We add the following per-overall-client-call metrics to OpenCensus:
Measure name | Unit | Description |
---|---|---|
grpc.io/client/retries_per_call | 1 | Number of retry or hedging attempts excluding transparent retries made during the client call. The original attempt is not counted as a retry/hedging attempt. |
grpc.io/client/transparent_retries_per_call | 1 | Number of transparent retries made during the client call. |
grpc.io/client/retry_delay_per_call | ms | Total time of delay while there is no active attempt during the client call. |
View name | Measure | Aggregation | tags |
---|---|---|---|
grpc.io/client/retries_per_call | retries_per_call | distribution | grpc_client_method |
grpc.io/client/retries | retries_per_call | sum | grpc_client_method |
grpc.io/client/transparent_retries_per_call | transparent_retries_per_call | distribution | grpc_client_method |
grpc.io/client/transparent_retries | transparent_retries_per_call | sum | grpc_client_method |
grpc.io/client/retry_delay_per_call | retry_delay_per_call | distribution | grpc_client_method |
The gRPC tracing module should create a tracing span for each call from the perspective of the application, and create a child span for each individual call attempt, including transparent retry attempts. The parent span is named in the form of Sent.<service name>.<method name>
. The span for each individual call attempt is named in the form of Attempt.<service name>.<method name>
, and is with the following additional span attributes:
`previous-rpc-attempts` : an integer value, number of preceding attempts, transparent retry not included.
`transparent-retry` : a boolean value, whether the attempt is a transparent retry.

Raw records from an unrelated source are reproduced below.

Lemma lt_of_derive_neg (f f' : R -> R) a b : a < b ->
  (forall t, a <= t <= b -> is_derive f t (f' t)) ->
  (forall t, a < t < b -> f' t < 0) -> f b < f a.
Proof.
  intros hab hd hneg.
  enough (- f a < - f b) by lra.
  apply (lt_of_derive_pos (fun t => - f t) (fun t => - f' t) a b hab).
  - intros t ht. exact (is_derive_opp f t _ (hd t ht)).
  - intros t ht. specialize (hneg t ht). lra.
Qed.

Lemma le_of_derive_sign_change (f f' : R -> R) a p b : a <= p <= b ->
  (forall t, a <= t <= b -> is_derive f t (f' t)) ->
  (forall t, a < t < p -> 0 < f' t) ->
  (forall t, p < t < b -> f' t < 0) ->
  forall t, a <= t <= b -> f t <= f p.
Proof.
  intros hp hd hinc hdec t ht.
  destruct (Rtotal_order t p) as [h | [-> | h]].
  - left. apply (lt_of_derive_pos f f'); [lra | |]; intros; [apply hd | apply hinc]; lra.
  - lra.
  - left. apply (lt_of_derive_neg f f'); [lra | |]; intros; [apply hd | apply hdec]; lra.
Qed.

Lemma Lub_Rbar_eq_approx (E : R -> Prop) M :
  (forall v, E v -> v <= M) ->
  (forall eps, 0 < eps -> exists v, E v /\ M - eps < v) ->
  Lub_Rbar E = Finite M.
Proof.
  intros hub happ. apply is_lub_Rbar_unique. split; [exact hub |].
  intros [l | |] hl; simpl; trivial.
  - destruct (Rle_or_lt M l) as [h | h]; [exact h |].
    destruct (happ (M - l)) as [v [hv hlt]]; [lra |].
    specialize (hl v hv). simpl in hl. lra.
  - destruct (happ 1 Rlt_0_1) as [v [hv _]]. exact (hl v hv).
Qed.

The child span should record the message events of the attempt.
Transparent retry should also be treated as a distinct RPC with regards to the pre-existing OpenCensus metrics, because for OpenCensus tracing it's natural to create a child span for transparent retry as with ordinary retry attempt, so for OpenCensus metrics we should be consistent. Also, there is no effective way to distinguish the two types of transparent retry, and one of them actually sends data to the wire, so the outbound bytes should be recorded.
API plumbing to expose the metrics is needed in each language.
Add the following API to io.grpc.ClientStreamTracer
/**
* The stream is being created on a ready transport.
*
* @param headers the mutable initial metadata.
* Modifications to it will be sent to the socket but
* not be seen by client interceptors and the application.
*/
public void streamCreated(Attributes transportAttrs, Metadata headers)
Deprecate io.grpc.ClientStreamTracer.StreamInfo.getTransportAttrs()
and io.grpc.ClientStreamTracer.StreamInfo.Builder.setTransportAttrs()
We will no longer call Factory.newClientStreamTracer(info, headers)
to create a tracer instance after a ready transport for the stream is available. Instead, we create a tracer instance prior to the first time picking a subchannel for the stream, and once we are about to create a real stream on a ready transport we call ClientStreamTracer.streamCreated(transportAttrs, headers)
.
Change the signature of ClientTransport.newStream()
by adding tracers argument:
/**
* @param tracers a non-empty array of tracers.
* The last element in it is reserved to be set by
* the load balancer's pick result and otherwise is null.
*/
ClientStream newStream(
MethodDescriptor<?, ?> method, Metadata headers, CallOptions callOptions,
ClientStreamTracer[] tracers);
For creating a PendingStream
or FailingClientStream
, we call this method providing a tracers array of length
callOptions.getStreamTracerFactories().size() + 1
, with the last element unset/a no-op tracer and other elements created from the callOptions.getStreamTracerFactories()
.
For creating a real stream, we create the same tracers array as above and set the last element of the tracers array with a tracer created from LB result, and then call this method.
See the CallTracer
class.
TBD